(THE TASK):
What you need to produce from the material below is an exact transcription of the lines from the one with "suff -> : [set" through the one with "apply/idP/idP => [skv|].", both included, and no other line.

(RECORDS FOR PROCESSING):
(* Let $q\in[0,1]$ and let $X_1,\dots,X_m$ be real numbers (observed $z$-statistics) with associated one-sided p-values $P_i=\Phi(X_i)$, where $\Phi$ is the standard normal cumulative distribution function. Let $P_{(1)}\le\dots\le P_{(m)}$ be the ordered p-values, $I^*=\max\{i: P_{(i)}\le (i/m)q\}$ and $P^*=P_{(I^* )}$ (with the convention that if no such $i$ exists the set $\{i:P_i\le P^*\}$ below is empty). Consider the iteration $\mathcal S^1=\{1,\dots,m\}$ and, for $t=1,2,\dots$, $$U_i^t=X_i+\Phi^{-1}\big(1-q|\mathcal S^t|/m\big),\ i\in\mathcal S^t,\qquad \mathcal S^{t+1}=\{i\in\mathcal S^t: U_i^t\le 0\}.$$ Then this iteration converges in finite time: there is a finite $T\ge1$ such that $\mathcal S^{T+1}=\mathcal S^T$ (taking $T$ to be the first such index) and $\mathcal S^t=\mathcal S^T$ for all $t\ge T$. Moreover, $\mathcal S^T=\{i: P_i\le P^*\}$, i.e. the set of hypotheses $H_i:\theta_i\ge 0$ rejected by the Benjamini–Hochberg procedure at level $q$.
   Context: In the motivating model $X_i\sim\mathcal N(\theta_i,1)$ independently; the iteration is the repeated application of the Benjamini–Yekutieli one-sided confidence interval adjustment $(-\infty,U_i^t)$ followed by keeping only those intervals that do not cover $0$. The Benjamini–Hochberg procedure at level $q$ rejects $H_i$ iff $P_i\le P^*$. *)

From HB Require Import structures.
From mathcomp Require Import all_boot all_order all_algebra.
From mathcomp Require Import all_classical all_reals all_analysis.
Set Implicit Arguments. Unset Strict Implicit. Unset Printing Implicit Defensive.
Import Order.TTheory GRing.Theory Num.Theory.

Local Open Scope classical_set_scope.
Local Open Scope ring_scope.

Definition Phi {R : realType} (x : R) : R :=
  fine (normal_prob 0 1 `]-oo, x]).

(* Quantile (generalized inverse) of Phi, extended-real valued:
   Phiinv p = inf {x | p <= Phi x}.  For p in (0,1) this is the usual
   Phi^{-1}(p); Phiinv 1 = +oo (empty set), Phiinv 0 = -oo. *)
Definition Phiinv {R : realType} (p : R) : \bar R :=
  ereal_inf [set (x%:E)%E | x in [set x : R | p <= Phi x]].

Definition by_step {R : realType} (m : nat) (X : 'I_m -> R) (q : R)
  (S : {set 'I_m}) : {set 'I_m} :=
  [set i in S |
     ((X i)%:E + Phiinv (1 - q * #|S|%:R / m%:R) <= 0)%E ].

(* S^t for t >= 1:  S^1 = {1..m}, S^{t+1} = by_step S^t. *)
Definition Siter {R : realType} (m : nat) (X : 'I_m -> R) (q : R) (t : nat)
  : {set 'I_m} :=
  iter t.-1 (by_step X q) (finset.setT : {set 'I_m}).

Definition pval {R : realType} (m : nat) (X : 'I_m -> R) (i : 'I_m) : R :=
  Phi (X i).

(* ordered p-values P_(1) <= ... <= P_(m); P_(k) = psorted`_(k-1) *)
Definition psorted {R : realType} (m : nat) (X : 'I_m -> R) : seq R :=
  sort <=%R [seq pval X i | i <- enum 'I_m].

Definition BH_cand {R : realType} (m : nat) (X : 'I_m -> R) (q : R) : seq nat :=
  seq.filter (fun k : nat => nth 0 (psorted X) k.-1 <= k%:R / m%:R * q) (iota 1 m).

Definition BH_reject {R : realType} (m : nat) (X : 'I_m -> R) (q : R)
  : {set 'I_m} :=
  match BH_cand X q with
  | [::] => (finset.set0 : {set 'I_m})
  | _ :: _ =>
      let Istar := \max_(k <- BH_cand X q) k in
      [set i | pval X i <= nth 0 (psorted X) Istar.-1]
  end.

From HB Require Import structures.
From mathcomp Require Import all_boot all_order all_algebra.
From mathcomp Require Import all_classical all_reals all_analysis.
From mathcomp Require Import measurable_realfun lra.
Set Implicit Arguments. Unset Strict Implicit. Unset Printing Implicit Defensive.
Import Order.TTheory GRing.Theory Num.Theory.
Local Open Scope ring_scope.

(* [Phi] is right continuous, takes values strictly between 0 and 1 and satisfies
   [Phi (-x) = 1 - Phi x]; hence [X_i + Phi^{-1}(1 - a) <= 0] iff [P_i <= a] for every
   [a >= 0], and one step of the iteration keeps the [i] of [S] with [P_i <= q|S|/m].
   This step only removes elements, so from the full set it reaches a fixed point after
   finitely many steps and stays there.  The BH rejection set [R = {i | P_i <= P*}] lies
   in every iterate: if [S] contains [R] then [|S| >= |R| >= I*], so every [i] in [R]
   has [P_i <= P* <= q I*/m <= q|S|/m].  Conversely a fixed point [S] containing [R]
   satisfies [P_(|S|) <= q|S|/m], so [|S|] is a BH candidate and [|S| <= I* <= |R|],
   i.e. [S = R]. *)

Section StandardNormal.
Variable R : realType.
Local Open Scope classical_set_scope.
Implicit Types x y t u c : R.

Lemma PhiE x : (Phi x)%:E = normal_prob 0 1 `]-oo, x].
Proof. by rewrite /Phi fineK// fin_num_measure. Qed.

Lemma Phi_le x y : x <= y -> Phi x <= Phi y.
Proof.
move=> xy; rewrite -lee_fin !PhiE; apply: le_measure; rewrite ?inE//.
exact: subitvPr.
Qed.

Lemma normal_pdf01N t : normal_pdf 0 1 (- t) = normal_pdf 0 1 t.
Proof. by rewrite /normal_pdf oner_eq0 /normal_fun !subr0 sqrrN. Qed.

Lemma normal_pdf01_le_norm t u :
  `|t| <= `|u| -> normal_pdf 0 1 u <= normal_pdf 0 1 t.
Proof.
move=> tu; rewrite /normal_pdf oner_eq0 /normal_fun !subr0.
rewrite ler_pM2l ?normal_peak_gt0 ?oner_neq0// ler_expR !mulNr lerN2.
rewrite ler_pM2r ?invr_gt0 ?expr1n ?mulr2n ?ltr_pwDl//.
by rewrite -(real_normK (num_real t)) -(real_normK (num_real u)) lerXn2r ?nnegrE.
Qed.

Lemma PhiN x : Phi (- x) = 1 - Phi x.
Proof.
apply/EFin_inj; rewrite EFinB !PhiE /normal_prob.
rewrite ge0_integration_by_substitutionNy; last 2 first.
- exact: (@continuous_subspaceT R^o R^o _ _
    (@continuous_normal_pdf R 0 1 (oner_neq0 R))).
- by move=> t _; exact: normal_pdf_ge0.
under eq_integral do rewrite /= normal_pdf01N.
rewrite -integral_itv_obnd_cbnd; last first.
  by apply/measurable_EFinP/measurable_funTS; exact: measurable_normal_pdf.
rewrite -setCitvl.
exact: (@probability_setC _ _ R (normal_prob 0 1) _ (measurable_itv _)).
Qed.

(* On [x - 1, x] the density is at least its value at [|x| + 1]. *)
Lemma Phi_gt0 x : 0 < Phi x.
Proof.
set k := normal_pdf 0 1 (`|x| + 1).
have k_gt0 : 0 < k.
  by rewrite /k /normal_pdf oner_eq0 mulr_gt0 ?expR_gt0 ?normal_peak_gt0 ?oner_neq0.
rewrite -lte_fin PhiE.
apply: (@lt_le_trans _ _ (normal_prob 0 1 `]x - 1, x])); last first.
  by apply: le_measure; rewrite ?inE//; apply: subset_itvr; rewrite bnd_simp.
apply: (@lt_le_trans _ _ (\int[lebesgue_measure]_(t in `](x - 1)%R, x]) k%:E)%E).
  rewrite integral_cst//= lebesgue_measure_itv/= lte_fin gtrBl ltr01.
  by rewrite -EFinD opprB addrC subrK mule1 lte_fin.
apply: ge0_le_integral => //.
- by move=> t _; rewrite lee_fin ltW.
- by apply/measurable_EFinP/measurable_funTS; exact: measurable_normal_pdf.
move=> t /=; rewrite in_itv/= => /andP[xt tx].
rewrite lee_fin normal_pdf01_le_norm// [X in _ <= X]ger0_norm ?addr_ge0//.
have := ler_norm x; have := ler_norm (- x); rewrite normrN ler_norml.
by move=> *; apply/andP; split; lra.
Qed.

Lemma Phi_lt1 x : Phi x < 1.
Proof. by rewrite -subr_gt0 -PhiN Phi_gt0. Qed.

Let idTR : measurableTypeR R -> R := idfun.
#[local] HB.instance Definition _ :=
  @isMeasurableFun.Build _ _ _ _ idTR (@measurable_id _ _ setT).

(* Right continuity of [Phi] and its limit at [+oo] are those of the cdf of [Z]. *)
Let Z : {RV normal_prob (0 : R) 1 >-> R} := idTR.

Let cdfZE : cdf Z = (fun x => (Phi x)%:E).
Proof.
by apply/funext => x; rewrite PhiE /cdf /distribution /pushforward preimage_id.
Qed.

Lemma Phi_ge_right c y : (forall z, y < z -> c <= Phi z) -> c <= Phi y.
Proof.
move=> cPhi; have := @cdf_right_continuous _ _ _ _ Z y.
rewrite cdfZE => /fine_cvg Phi_cvg.
apply: (cvgr_to_ge Phi_cvg).
by near=> z; apply: cPhi; near: z; exact: nbhs_right_gt.
Unshelve. all: by end_near.
Qed.

Lemma exists_Phi_gt c : c < 1 -> exists x, c < Phi x.
Proof.
move=> c1; have := @cvg_cdfy1 _ _ _ _ Z.
rewrite cdfZE => /fine_cvg Phi_cvg.
have [M [_ PhiM]] := cvgr_gt 1 Phi_cvg c c1.
by exists (M + 1); apply: PhiM; rewrite ltrDl.
Qed.

End StandardNormal.

Section Quantile.
Variable R : realType.
Local Open Scope classical_set_scope.
Implicit Types x c a : R.

Lemma PhiinvNy c : c <= 0 -> Phiinv c = -oo%E.
Proof.
move=> c_le0.
have Phiinv_le r : (Phiinv c <= r%:E)%E.
  apply: ereal_inf_lbound; exists r => //=.
  exact: le_trans c_le0 (ltW (Phi_gt0 r)).
move: Phiinv_le; case: (Phiinv c) => [s| |]// Phiinv_le.
- by have := Phiinv_le (s - 1); rewrite lee_fin => ?; exfalso; lra.
- by have := Phiinv_le 0.
Qed.

Lemma Phiinvy c : 1 <= c -> Phiinv c = +oo%E.
Proof.
move=> c_ge1; rewrite /Phiinv.
suff -> : [set x : R | c <= Phi x] = set0 by rewrite image_set0 ereal_inf0.
apply/seteqP; split => x //= cx.
by have := lt_le_trans (Phi_lt1 x) (le_trans c_ge1 cx); rewrite ltxx.
Qed.

(* Monotonicity and right continuity of [Phi] make [{x | c <= Phi x}] a closed half-line. *)
Lemma PhiinvE c : 0 < c < 1 ->
  exists y : R, Phiinv c = y%:E /\ forall x, (c <= Phi x) = (y <= x).
Proof.
move=> /andP[c_gt0 c_lt1].
set S := [set x : R | c <= Phi x].
have S_neq0 : S !=set0.
  by have [x cx] := exists_Phi_gt c_lt1; exists x; exact: ltW.
have S_lbound : has_lbound S.
  have [M PhiM] : exists M, 1 - c < Phi M by apply: exists_Phi_gt; lra.
  exists (- M) => x; rewrite /S /= => cx; rewrite leNgt; apply/negP => xM.
  by have := Phi_le (ltW xM); rewrite PhiN; lra.
exists (inf S); split; first by rewrite /Phiinv ereal_inf_EFin.
move=> x; apply/idP/idP => [cx|infx]; first exact: ge_inf.
apply: le_trans (Phi_le infx); apply: Phi_ge_right => z infz.
have [w Sw wz] := inf_lt S_neq0 infz.
exact: le_trans Sw (Phi_le (ltW wz)).
Qed.

Lemma add_Phiinv_le0 x a : 0 <= a ->
  ((x%:E + Phiinv (1 - a) <= 0)%E = (Phi x <= a)).
Proof.
move=> a_ge0.
have [a_ge1|a_lt1] := leP 1 a.
  rewrite PhiinvNy ?addeNy ?leNye; last by lra.
  by rewrite (le_trans (ltW (Phi_lt1 x))).
have [->|a_neq0] := eqVneq a 0.
  by rewrite subr0 Phiinvy// addey// leye_eq lt_geF ?Phi_gt0.
have [y [-> Phi_ge]] := PhiinvE (c := 1 - a) ltac:(apply/andP; split; lra).
rewrite -EFinD lee_fin; have := Phi_ge (- x); rewrite PhiN lerD2l lerN2 => ->.
by apply/idP/idP => ?; lra.
Qed.

End Quantile.

Section SortedCount.
Context {disp : Order.disp_t} {T : orderType disp}.
Implicit Types (s : seq T) (v : T).

Lemma sorted_nth_le_count (x0 : T) s v k : sorted <=%O s -> (k < size s)%N ->
  (nth x0 s k <= v)%O = (k < count (fun x => x <= v)%O s)%N.
Proof.
move=> s_sorted ks.
have nth_le i j : (i <= j < size s)%N -> (nth x0 s i <= nth x0 s j)%O.
  move=> /andP[ij js]; apply: (sorted_leq_nth le_trans lexx) => //.
  by rewrite inE (leq_ltn_trans ij js).
apply/idP/idP => [skv|].
  have : all (fun x => x <= v)%O (take k.+1 s).
    apply/(all_nthP x0) => i; rewrite size_takel // => ik.
    by rewrite nth_take// (le_trans _ skv)// nth_le// -ltnS ik.
  rewrite all_count size_takel // => /eqP take_count.
  by rewrite -(cat_take_drop k.+1 s) count_cat take_count leq_addr.
apply: contraLR; rewrite -ltNge -leqNgt => vsk.
have drop_count : count (fun x => x <= v)%O (drop k s) = 0%N.
  apply/eqP; rewrite -leqn0 leqNgt -has_count; apply/(has_nthP x0) => -[i].
  rewrite size_drop ltn_subRL nth_drop => iks.
  by rewrite leNgt (lt_le_trans vsk)// nth_le// leq_addr.
rewrite -(cat_take_drop k s) count_cat drop_count addn0.
by rewrite -[X in (_ <= X)%N](size_takel (ltnW ks)) count_size.
Qed.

(WRITTEN SOLUTION):
suff -> : [set x : R | c <= Phi x] = set0 by rewrite image_set0 ereal_inf0.
apply/seteqP; split => x //= cx.
by have := lt_le_trans (Phi_lt1 x) (le_trans c_ge1 cx); rewrite ltxx.
Qed.

(* Monotonicity and right continuity of [Phi] make [{x | c <= Phi x}] a closed half-line. *)
Lemma PhiinvE c : 0 < c < 1 ->
  exists y : R, Phiinv c = y%:E /\ forall x, (c <= Phi x) = (y <= x).
Proof.
move=> /andP[c_gt0 c_lt1].
set S := [set x : R | c <= Phi x].
have S_neq0 : S !=set0.
  by have [x cx] := exists_Phi_gt c_lt1; exists x; exact: ltW.
have S_lbound : has_lbound S.
  have [M PhiM] : exists M, 1 - c < Phi M by apply: exists_Phi_gt; lra.
  exists (- M) => x; rewrite /S /= => cx; rewrite leNgt; apply/negP => xM.
  by have := Phi_le (ltW xM); rewrite PhiN; lra.
exists (inf S); split; first by rewrite /Phiinv ereal_inf_EFin.
move=> x; apply/idP/idP => [cx|infx]; first exact: ge_inf.
apply: le_trans (Phi_le infx); apply: Phi_ge_right => z infz.
have [w Sw wz] := inf_lt S_neq0 infz.
exact: le_trans Sw (Phi_le (ltW wz)).
Qed.

Lemma add_Phiinv_le0 x a : 0 <= a ->
  ((x%:E + Phiinv (1 - a) <= 0)%E = (Phi x <= a)).
Proof.
move=> a_ge0.
have [a_ge1|a_lt1] := leP 1 a.
  rewrite PhiinvNy ?addeNy ?leNye; last by lra.
  by rewrite (le_trans (ltW (Phi_lt1 x))).
have [->|a_neq0] := eqVneq a 0.
  by rewrite subr0 Phiinvy// addey// leye_eq lt_geF ?Phi_gt0.
have [y [-> Phi_ge]] := PhiinvE (c := 1 - a) ltac:(apply/andP; split; lra).
rewrite -EFinD lee_fin; have := Phi_ge (- x); rewrite PhiN lerD2l lerN2 => ->.
by apply/idP/idP => ?; lra.
Qed.

End Quantile.

Section SortedCount.
Context {disp : Order.disp_t} {T : orderType disp}.
Implicit Types (s : seq T) (v : T).

Lemma sorted_nth_le_count (x0 : T) s v k : sorted <=%O s -> (k < size s)%N ->
  (nth x0 s k <= v)%O = (k < count (fun x => x <= v)%O s)%N.
Proof.
move=> s_sorted ks.
have nth_le i j : (i <= j < size s)%N -> (nth x0 s i <= nth x0 s j)%O.
  move=> /andP[ij js]; apply: (sorted_leq_nth le_trans lexx) => //.
  by rewrite inE (leq_ltn_trans ij js).
apply/idP/idP => [skv|].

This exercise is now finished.